Qui plus est, c’est souvent dans les petites choses, dans l’acquisition, le maintien et l’entretien de leur logement, dans la réussite d’un plat, dans les arts et la spiritualité et en prenant soin de sa santé que la personne acquiert ce sentiment d’accomplissement et se sent donc rétablie. C’est ce que nous ont appris les témoignages de ces femmes.

Alors si les personnes vivant avec un trouble de santé mentale vivent des choses similaires aux femmes de ma recherche par rapport au sentiment d’accomplissement et à la réalisation de soi, alors elles non plus ne sont pas nécessairement prêtes, désireuses ou capables de retourner au travail, encore moins à temps plein.

Au sujet des Pass-Action

Ce qui m’amène à un autre sujet : celui des « Pass-Action ». Il faudrait voir si, dans les ressources qui sont vouées aux personnes ayant un trouble de santé mentale, les personnes ne seraient pas poussées à participer à un « Pass-Action » plus par désir de l’organisme d’obtenir du financement que par réel désir d’inciter la personne à retourner au travail parce que c’est aidant pour son rétablissement.

Et l’on peut aussi se poser la question à savoir : les personnes inscrites au « Pass-Action » retournent-elles vraiment au travail de façon définitive ? On se pose la question parce que le retour au travail est souvent temporaire et qu’à la fin d’un petit contrat de travail, la personne retourne sur l’aide sociale et doit recommencer toutes les démarches pour ravoir des contraintes sévères à l’emploi, comme mentionné dans l’analyse des résultats.

Entendons-nous, on ne dit pas que le « Pass-Action » n’est pas bénéfique pour certaines personnes. Ce que l’on dit c’est qu’il est dommage qu’une personne perde sa stabilité en travaillant temporairement pour finalement, devoir retourner sur l’aide sociale quelques semaines ou mois plus tard, en devant alors recommencer toutes les démarches.

D’ailleurs, en garantissant un retour des prestations « avec contraintes sévères », donc plus élevées, en cas d’échec d’un travail accompli dans le cadre d’un « Pass-Action », et cela sans

avoir l’obligation de recommencer les démarches administratives, nous pourrions peut-être encourager les personnes à essayer, du moins, de travailler.

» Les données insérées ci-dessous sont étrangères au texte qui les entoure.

(* Let $G$ be an infinite connected simple undirected graph with vertex degrees bounded by $v<\infty$ and internal scaling dimension $D$ (i.e. $D_S(x)=D$ for all vertices $x$). Fix an integer $l_0\ge 1$ and let $\hat G_{cl}$ be the purified clique graph with overlap threshold $l_0$. Then for every clique $C$ of $G$ the upper internal scaling dimension of $\hat G_{cl}$ at $C$ satisfies $\overline{D}_S^{\hat G_{cl}}(C)\le D$.
   Context: Graphs are simple and undirected with graph metric $d$. For a vertex $x$ of a graph $H$, $U_n(x)$ is the ball of radius $n$ in $H$, $D_n(x)=\ln(\#U_n(x))/\ln n$, $\underline D_S(x)=\liminf_n D_n(x)$, $\overline D_S(x)=\limsup_n D_n(x)$; if these agree the value is $D_S(x)$, and $H$ has internal scaling dimension $D$ if $D_S(x)=D$ for all $x$. A clique of $G$ is a maximal complete subgraph. The purified clique graph $\hat G_{cl}$ with threshold $l_0$ has the cliques of $G$ as vertices, two distinct cliques $C,C'$ being adjacent iff $\#(C\cap C')\ge l_0$. *)

From Stdlib Require Import Reals List ClassicalEpsilon.
From Coquelicot Require Import Coquelicot.
Open Scope R_scope.

Fixpoint reach {T : Type} (adj : T -> T -> Prop) (n : nat) (x y : T) : Prop :=
  match n with
  | O => x = y
  | S m => reach adj m x y \/ exists z, reach adj m x z /\ adj z y
  end.

Definition ball_n {T : Type} (adj : T -> T -> Prop) (x : T) (n : nat) : T -> Prop :=
  fun y => reach adj n x y.

Definition has_card {T : Type} (P : T -> Prop) (k : nat) : Prop :=
  exists l : list T, NoDup l /\ length l = k /\ forall y, P y <-> In y l.

(* Cardinality #P of a (finite) set P (unspecified if P is infinite). *)
Definition ncard {T : Type} (P : T -> Prop) : nat :=
  epsilon (inhabits 0%nat) (fun k => has_card P k).

Definition Dn {T : Type} (adj : T -> T -> Prop) (x : T) (n : nat) : R :=
  ln (INR (ncard (ball_n adj x n))) / ln (INR n).

Definition upper_DS {T : Type} (adj : T -> T -> Prop) (x : T) : Rbar :=
  LimSup_seq (Dn adj x).
Definition lower_DS {T : Type} (adj : T -> T -> Prop) (x : T) : Rbar :=
  LimInf_seq (Dn adj x).

Definition has_internal_scaling_dim {T : Type} (adj : T -> T -> Prop) (D : R) : Prop :=
  forall x, lower_DS adj x = Finite D /\ upper_DS adj x = Finite D.

Definition simple_graph {T : Type} (adj : T -> T -> Prop) : Prop :=
  (forall x y, adj x y -> adj y x) /\ (forall x, ~ adj x x).

Definition connected_graph {T : Type} (adj : T -> T -> Prop) : Prop :=
  forall x y, exists n, reach adj n x y.

Definition infinite_type (T : Type) : Prop :=
  ~ exists l : list T, forall x, In x l.

Definition degree_bounded {T : Type} (adj : T -> T -> Prop) (v : nat) : Prop :=
  forall x, exists l : list T, (length l <= v)%nat /\ forall y, adj x y -> In y l.

Definition complete_set {T : Type} (adj : T -> T -> Prop) (C : T -> Prop) : Prop :=
  forall x y, C x -> C y -> x <> y -> adj x y.

Definition is_clique {T : Type} (adj : T -> T -> Prop) (C : T -> Prop) : Prop :=
  complete_set adj C /\
  forall C' : T -> Prop, complete_set adj C' -> (forall x, C x -> C' x) ->
    forall x, C' x -> C x.

(* Purified clique graph with threshold l0: vertices are the cliques of G
   (as elements of T -> Prop), distinct cliques adjacent iff #(C ∩ C') >= l0. *)
Definition purified_clique_adj {T : Type} (adj : T -> T -> Prop) (l0 : nat)
    (C C' : T -> Prop) : Prop :=
  is_clique adj C /\ is_clique adj C' /\ C <> C' /\
  (l0 <= ncard (fun x => C x /\ C' x))%nat.

(* Fix a vertex x0 of the clique C. Cliques adjacent in the purified clique graph share a
   vertex, so every clique within distance n of C lies in the G-ball of radius n+1 about x0.
   A clique meeting a vertex y is contained in {y} together with the at most v neighbours
   of y, so it is one of at most 2^(v+1) subsets there. Hence
   #U_n(C) <= 2^(v+1) #U_(n+1)(x0), and the constant factor and the shift n -> n+1 both
   disappear in ln(.)/ln n, giving limsup D_n(C) <= limsup D_n(x0) = D. *)
From Stdlib Require Import Reals.
From Coquelicot Require Import Coquelicot.
From Stdlib Require Import List Lia Lra Classical FunctionalExtensionality
  PropExtensionality ClassicalEpsilon.
Import ListNotations.
Open Scope R_scope.

Definition finite_pred {T : Type} (P : T -> Prop) : Prop :=
  exists l : list T, forall y, P y -> In y l.

Lemma has_card_unique {T : Type} (P : T -> Prop) k1 k2 :
  has_card P k1 -> has_card P k2 -> k1 = k2.
Proof.
  intros [l1 [N1 [<- H1]]] [l2 [N2 [<- H2]]].
  apply Nat.le_antisymm; apply NoDup_incl_length; auto; intros y Hy; firstorder.
Qed.

Lemma ncard_eq {T : Type} (P : T -> Prop) k : has_card P k -> ncard P = k.
Proof.
  intro Hk. apply (has_card_unique P); [|exact Hk].
  apply (epsilon_spec (inhabits 0%nat) (fun k => has_card P k)). now exists k.
Qed.

Lemma has_card_incl_list {T : Type} (l : list T) (P : T -> Prop) :
  (forall y, P y -> In y l) -> exists k, (k <= length l)%nat /\ has_card P k.
Proof.
  revert P; induction l as [|a l IH]; intros P HP.
  - exists 0%nat. split; [simpl; lia|]. exists nil. repeat split; [constructor|..].
    + intro Py. now apply (HP y).
    + intros [].
  - destruct (IH (fun y => P y /\ y <> a)) as [k [Hk [l' [Nd [Ln Hl]]]]].
    { intros y [Py Hya]. destruct (HP y Py); [congruence|auto]. }
    destruct (classic (P a)) as [Pa|nPa].
    + exists (S k). split; [simpl; lia|]. exists (a :: l'). repeat split.
      * constructor; auto. intro Hin. apply Hl in Hin. tauto.
      * simpl; lia.
      * intro Py. destruct (classic (y = a)); [left; auto|right; apply Hl; auto].
      * intros [<-|Hin]; [auto|apply Hl in Hin; tauto].
    + exists k. split; [simpl; lia|]. exists l'. repeat split; auto.
      * intro Py. apply Hl. split; [auto|intros ->; tauto].
      * intro Hin. now apply Hl.
Qed.

Lemma ncard_le_length {T : Type} (l : list T) (P : T -> Prop) :
  (forall y, P y -> In y l) -> (ncard P <= length l)%nat.
Proof.
  intro HP. destruct (has_card_incl_list l P HP) as [k [Hk Hc]].
  now rewrite (ncard_eq _ _ Hc).
Qed.

Lemma has_card_ncard {T : Type} (P : T -> Prop) : finite_pred P -> has_card P (ncard P).
Proof.
  intros [l Hl]. destruct (has_card_incl_list l P Hl) as [k [_ Hc]].
  now rewrite (ncard_eq _ _ Hc).
Qed.

Lemma ncard_pos {T : Type} (P : T -> Prop) x : finite_pred P -> P x -> (1 <= ncard P)%nat.
Proof.
  intros Hfin Px. destruct (has_card_ncard P Hfin) as [[|y l] [_ [<- Hl]]].
  - now apply Hl in Px.
  - simpl; lia.
Qed.

Lemma ncard_pos_inhabited {T : Type} (P : T -> Prop) : (1 <= ncard P)%nat -> exists w, P w.
Proof.
  intro Hpos. apply NNPP. intro Hempty.
  assert (H0 : has_card P 0) by (exists nil; firstorder using NoDup_nil).
  rewrite (ncard_eq _ _ H0) in Hpos. lia.
Qed.

Fixpoint sublists {A : Type} (l : list A) : list (list A) :=
  match l with
  | nil => [nil]
  | a :: l => sublists l ++ map (cons a) (sublists l)
  end.

Lemma length_sublists {A : Type} (l : list A) : length (sublists l) = (2 ^ length l)%nat.
Proof. induction l; simpl; auto. rewrite length_app, length_map, IHl. lia. Qed.

Lemma sublists_filter {A : Type} (l : list A) (K : A -> Prop) :
  exists s, In s (sublists l) /\ forall y, In y s <-> In y l /\ K y.
Proof.
  induction l as [|a l [s [Hs Hsp]]].
  - exists nil. simpl. tauto.
  - destruct (classic (K a)) as [Ka|nKa].
    + exists (a :: s). split.
      * apply in_or_app. right. now apply in_map.
      * intro y. simpl. rewrite Hsp. split; [intros [<-|[]]|intros [[<-|] ]]; auto.
    + exists s. split; [apply in_or_app; auto|].
      intro y. simpl. rewrite Hsp. split; [intros []|intros [[<-|] ]]; tauto.
Qed.

Lemma length_flat_map_le {A B : Type} (f : A -> list B) (M : nat) (l : list A) :
  (forall x, (length (f x) <= M)%nat) -> (length (flat_map f l) <= length l * M)%nat.
Proof.
  intro Hf. induction l as [|a l IH]; simpl; auto. rewrite length_app. specialize (Hf a). lia.
Qed.

Section BoundedDegree.

Variables (V : Type) (adj : V -> V -> Prop).

Lemma reach_refl n x : reach adj n x x.
Proof. induction n; simpl; auto. Qed.

Lemma neighbour_list_fun (v : nat) :
  degree_bounded adj v -> exists Nb : V -> list V,
    forall x, (length (Nb x) <= v)%nat /\ forall y, adj x y -> In y (Nb x).
Proof.
  intro Hdeg. exists (fun x => proj1_sig (constructive_indefinite_description _ (Hdeg x))).
  intro x. exact (proj2_sig (constructive_indefinite_description _ (Hdeg x))).
Qed.

Variables (v : nat) (Nb : V -> list V).
Hypothesis Nb_length : forall x, (length (Nb x) <= v)%nat.
Hypothesis Nb_adj : forall x y, adj x y -> In y (Nb x).

Lemma ball_finite x n : finite_pred (ball_n adj x n).
Proof.
  induction n as [|n [l Hl]].
  - exists [x]. intros y ->. now left.
  - exists (l ++ flat_map Nb l). intros y [Hy|[z [Hz Hzy]]]; apply in_or_app.
    + left. now apply Hl.
    + right. apply in_flat_map. exists z. split; auto.
Qed.

Lemma complete_set_incl_neighbourhood (K : V -> Prop) y :
  complete_set adj K -> K y -> forall z, K z -> In z (y :: Nb y).
Proof.
  intros HK Ky z Kz. destruct (classic (y = z)) as [<-|Hyz]; [now left|].
  right. apply Nb_adj, HK; auto.
Qed.

(* A complete set containing y is determined by its trace on y :: Nb y. *)
Lemma complete_sets_meeting_listed (B : list V) :
  exists L : list (V -> Prop), (length L <= length B * 2 ^ S v)%nat /\
    forall K, complete_set adj K -> (exists y, K y /\ In y B) -> In K L.
Proof.
  exists (flat_map (fun y => map (fun s z => In z s) (sublists (y :: Nb y))) B). split.
  - apply length_flat_map_le. intro y. rewrite length_map, length_sublists.
    apply Nat.pow_le_mono_r; [lia|]. simpl. specialize (Nb_length y). lia.
  - intros K HK [y [Ky HyB]]. apply in_flat_map. exists y. split; [exact HyB|].
    destruct (sublists_filter (y :: Nb y) K) as [s [Hs Hsp]].
    apply in_map_iff. exists s. split; [|exact Hs].
    apply functional_extensionality. intro z. apply propositional_extensionality.
    rewrite Hsp. split; [tauto|].
    intro Kz. split; [now apply (complete_set_incl_neighbourhood K y)|exact Kz].
Qed.

End BoundedDegree.

Section CliqueGraph.

Variables (V : Type) (adj : V -> V -> Prop).

Lemma clique_inhabited (K : V -> Prop) : inhabited V -> is_clique adj K -> exists y, K y.
Proof.
  intros [x0] [_ Hmax]. apply NNPP. intro Hempty.
  apply Hempty. exists x0. apply (Hmax (fun z => z = x0)).
  - intros a b -> -> Hab. congruence.
  - intros x Kx. exfalso. eauto.
  - reflexivity.
Qed.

Ce « Pass-Action » devrait être seulement un incitatif pour retourner au travail et non un moyen, pour les ressources communautaires n’ayant pas cette mission, d’obtenir d’autres financements. C’est-à-dire que les organismes communautaires en santé mentale dont la vocation est d’accueillir des personnes pour qu’elles fassent les heures de leur « Pass-Action » dans leurs lieux devraient recevoir des subventions, mais pas celles dont ce n’est pas leur mission première. Ainsi, nous éviterions la sur incitation des personnes qui ne sont pas nécessairement prêtes et désireuses de travailler.

Dans un autre ordre d’idées, les ressources communautaires vouées aux personnes devraient recevoir plus de financement, le problème n’est pas nouveau.